Data extracted from a collection
↓↓↓
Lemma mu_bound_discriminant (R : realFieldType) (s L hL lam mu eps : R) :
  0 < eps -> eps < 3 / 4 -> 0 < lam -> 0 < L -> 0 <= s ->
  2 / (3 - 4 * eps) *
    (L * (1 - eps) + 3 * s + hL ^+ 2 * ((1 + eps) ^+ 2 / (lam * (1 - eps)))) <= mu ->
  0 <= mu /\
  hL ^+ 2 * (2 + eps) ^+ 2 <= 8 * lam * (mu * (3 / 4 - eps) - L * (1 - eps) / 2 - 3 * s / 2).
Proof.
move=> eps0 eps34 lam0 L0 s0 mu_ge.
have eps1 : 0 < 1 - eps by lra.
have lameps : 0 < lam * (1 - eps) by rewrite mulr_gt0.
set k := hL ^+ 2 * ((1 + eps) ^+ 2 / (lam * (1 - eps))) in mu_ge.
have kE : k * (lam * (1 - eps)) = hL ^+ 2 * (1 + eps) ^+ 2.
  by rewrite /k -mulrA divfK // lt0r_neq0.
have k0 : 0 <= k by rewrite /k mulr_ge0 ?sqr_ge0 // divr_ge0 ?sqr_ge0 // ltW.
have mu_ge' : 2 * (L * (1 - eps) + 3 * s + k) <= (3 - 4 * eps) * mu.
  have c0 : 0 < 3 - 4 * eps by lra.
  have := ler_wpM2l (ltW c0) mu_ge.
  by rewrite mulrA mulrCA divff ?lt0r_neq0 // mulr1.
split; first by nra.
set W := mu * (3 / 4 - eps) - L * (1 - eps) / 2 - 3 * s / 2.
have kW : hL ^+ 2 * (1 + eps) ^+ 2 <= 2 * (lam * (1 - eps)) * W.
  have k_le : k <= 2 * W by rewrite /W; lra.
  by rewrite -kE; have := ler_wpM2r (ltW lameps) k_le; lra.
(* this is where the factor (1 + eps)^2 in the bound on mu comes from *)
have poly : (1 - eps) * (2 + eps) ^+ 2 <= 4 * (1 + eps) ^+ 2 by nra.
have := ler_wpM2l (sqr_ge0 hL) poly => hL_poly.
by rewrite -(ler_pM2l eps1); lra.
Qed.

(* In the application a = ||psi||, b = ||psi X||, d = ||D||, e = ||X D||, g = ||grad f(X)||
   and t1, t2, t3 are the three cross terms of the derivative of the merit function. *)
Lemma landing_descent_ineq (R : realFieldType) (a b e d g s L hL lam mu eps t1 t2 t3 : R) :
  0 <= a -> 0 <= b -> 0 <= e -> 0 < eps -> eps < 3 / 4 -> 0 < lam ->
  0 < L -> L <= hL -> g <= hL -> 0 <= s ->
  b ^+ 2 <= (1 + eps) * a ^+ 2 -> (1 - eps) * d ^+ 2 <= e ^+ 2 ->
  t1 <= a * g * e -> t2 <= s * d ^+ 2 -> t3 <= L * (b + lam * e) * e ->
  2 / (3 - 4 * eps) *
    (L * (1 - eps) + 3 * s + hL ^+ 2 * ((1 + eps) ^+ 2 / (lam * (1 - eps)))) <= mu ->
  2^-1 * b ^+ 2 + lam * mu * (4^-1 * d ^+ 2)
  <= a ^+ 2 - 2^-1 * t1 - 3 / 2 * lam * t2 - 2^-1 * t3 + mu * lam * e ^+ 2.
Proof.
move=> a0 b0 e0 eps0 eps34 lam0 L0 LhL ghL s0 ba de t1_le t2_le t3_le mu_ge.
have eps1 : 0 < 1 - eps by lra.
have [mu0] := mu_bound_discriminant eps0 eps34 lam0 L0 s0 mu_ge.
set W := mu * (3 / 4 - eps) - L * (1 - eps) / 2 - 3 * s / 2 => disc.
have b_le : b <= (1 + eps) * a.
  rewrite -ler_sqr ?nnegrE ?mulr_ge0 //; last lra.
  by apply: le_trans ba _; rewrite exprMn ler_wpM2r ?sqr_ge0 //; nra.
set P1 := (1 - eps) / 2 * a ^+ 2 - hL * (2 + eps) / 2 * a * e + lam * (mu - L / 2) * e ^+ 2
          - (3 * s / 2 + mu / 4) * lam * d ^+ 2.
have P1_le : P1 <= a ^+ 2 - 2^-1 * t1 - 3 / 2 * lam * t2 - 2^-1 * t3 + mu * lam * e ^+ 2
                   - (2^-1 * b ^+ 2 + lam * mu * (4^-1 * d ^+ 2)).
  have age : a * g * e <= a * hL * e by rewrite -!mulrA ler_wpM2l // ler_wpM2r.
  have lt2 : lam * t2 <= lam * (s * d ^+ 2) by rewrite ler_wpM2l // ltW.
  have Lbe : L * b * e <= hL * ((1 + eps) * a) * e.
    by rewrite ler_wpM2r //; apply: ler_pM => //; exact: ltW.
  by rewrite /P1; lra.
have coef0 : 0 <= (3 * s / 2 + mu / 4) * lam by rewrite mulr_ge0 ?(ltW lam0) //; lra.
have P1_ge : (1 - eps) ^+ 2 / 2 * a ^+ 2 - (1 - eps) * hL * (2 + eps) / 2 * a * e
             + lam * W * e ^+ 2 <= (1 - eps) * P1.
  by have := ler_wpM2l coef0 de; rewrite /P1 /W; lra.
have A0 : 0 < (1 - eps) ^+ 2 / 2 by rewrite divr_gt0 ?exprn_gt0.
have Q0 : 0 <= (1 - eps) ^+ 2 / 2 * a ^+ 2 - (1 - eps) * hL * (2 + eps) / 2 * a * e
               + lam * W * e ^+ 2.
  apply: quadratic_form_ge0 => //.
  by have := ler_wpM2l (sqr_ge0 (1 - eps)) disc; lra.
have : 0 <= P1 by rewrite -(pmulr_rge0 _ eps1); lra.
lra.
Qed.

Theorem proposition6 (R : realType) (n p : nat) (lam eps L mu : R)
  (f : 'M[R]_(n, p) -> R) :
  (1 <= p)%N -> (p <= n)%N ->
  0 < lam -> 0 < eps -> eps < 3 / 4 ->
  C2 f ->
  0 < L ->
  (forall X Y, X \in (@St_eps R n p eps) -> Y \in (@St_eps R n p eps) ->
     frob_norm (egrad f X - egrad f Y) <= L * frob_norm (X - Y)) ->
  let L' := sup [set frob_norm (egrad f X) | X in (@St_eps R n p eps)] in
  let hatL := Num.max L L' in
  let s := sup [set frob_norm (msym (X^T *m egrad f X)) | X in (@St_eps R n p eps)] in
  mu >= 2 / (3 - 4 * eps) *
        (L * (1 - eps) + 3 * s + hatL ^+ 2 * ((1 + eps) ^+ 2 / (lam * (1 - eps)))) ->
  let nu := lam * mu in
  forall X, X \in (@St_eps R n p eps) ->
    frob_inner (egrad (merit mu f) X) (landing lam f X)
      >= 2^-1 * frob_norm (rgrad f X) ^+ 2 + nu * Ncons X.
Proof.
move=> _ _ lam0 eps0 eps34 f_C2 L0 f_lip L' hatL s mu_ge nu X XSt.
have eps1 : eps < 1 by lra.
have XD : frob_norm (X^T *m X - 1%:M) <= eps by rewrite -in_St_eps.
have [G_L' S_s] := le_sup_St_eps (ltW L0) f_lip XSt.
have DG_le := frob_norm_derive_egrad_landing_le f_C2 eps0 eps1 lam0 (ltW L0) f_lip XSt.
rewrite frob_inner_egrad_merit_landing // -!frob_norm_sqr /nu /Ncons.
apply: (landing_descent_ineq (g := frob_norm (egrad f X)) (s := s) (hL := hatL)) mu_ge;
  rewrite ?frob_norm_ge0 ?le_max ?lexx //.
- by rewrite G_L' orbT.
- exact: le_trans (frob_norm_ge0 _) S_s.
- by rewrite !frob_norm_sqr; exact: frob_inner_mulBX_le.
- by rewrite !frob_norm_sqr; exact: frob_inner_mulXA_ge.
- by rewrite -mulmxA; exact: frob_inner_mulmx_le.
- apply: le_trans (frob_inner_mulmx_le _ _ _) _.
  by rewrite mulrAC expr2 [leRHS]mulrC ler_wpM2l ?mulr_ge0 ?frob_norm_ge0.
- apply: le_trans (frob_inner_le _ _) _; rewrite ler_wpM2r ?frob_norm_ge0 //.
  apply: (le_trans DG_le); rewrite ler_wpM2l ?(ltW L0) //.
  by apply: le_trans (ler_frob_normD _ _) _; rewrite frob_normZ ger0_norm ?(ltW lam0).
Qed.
↑↑↑
> [EXERCISE BRIEF]: Look back at the entries above. Retype the line with "- (3 * s / 2 + mu", the line with "by rewrite /P1; lra.", and all lines in between.

> [WORKED SOLUTION]:
          - (3 * s / 2 + mu / 4) * lam * d ^+ 2.
have P1_le : P1 <= a ^+ 2 - 2^-1 * t1 - 3 / 2 * lam * t2 - 2^-1 * t3 + mu * lam * e ^+ 2
                   - (2^-1 * b ^+ 2 + lam * mu * (4^-1 * d ^+ 2)).
  have age : a * g * e <= a * hL * e by rewrite -!mulrA ler_wpM2l // ler_wpM2r.
  have lt2 : lam * t2 <= lam * (s * d ^+ 2) by rewrite ler_wpM2l // ltW.
  have Lbe : L * b * e <= hL * ((1 + eps) * a) * e.
    by rewrite ler_wpM2r //; apply: ler_pM => //; exact: ltW.
  by rewrite /P1; lra.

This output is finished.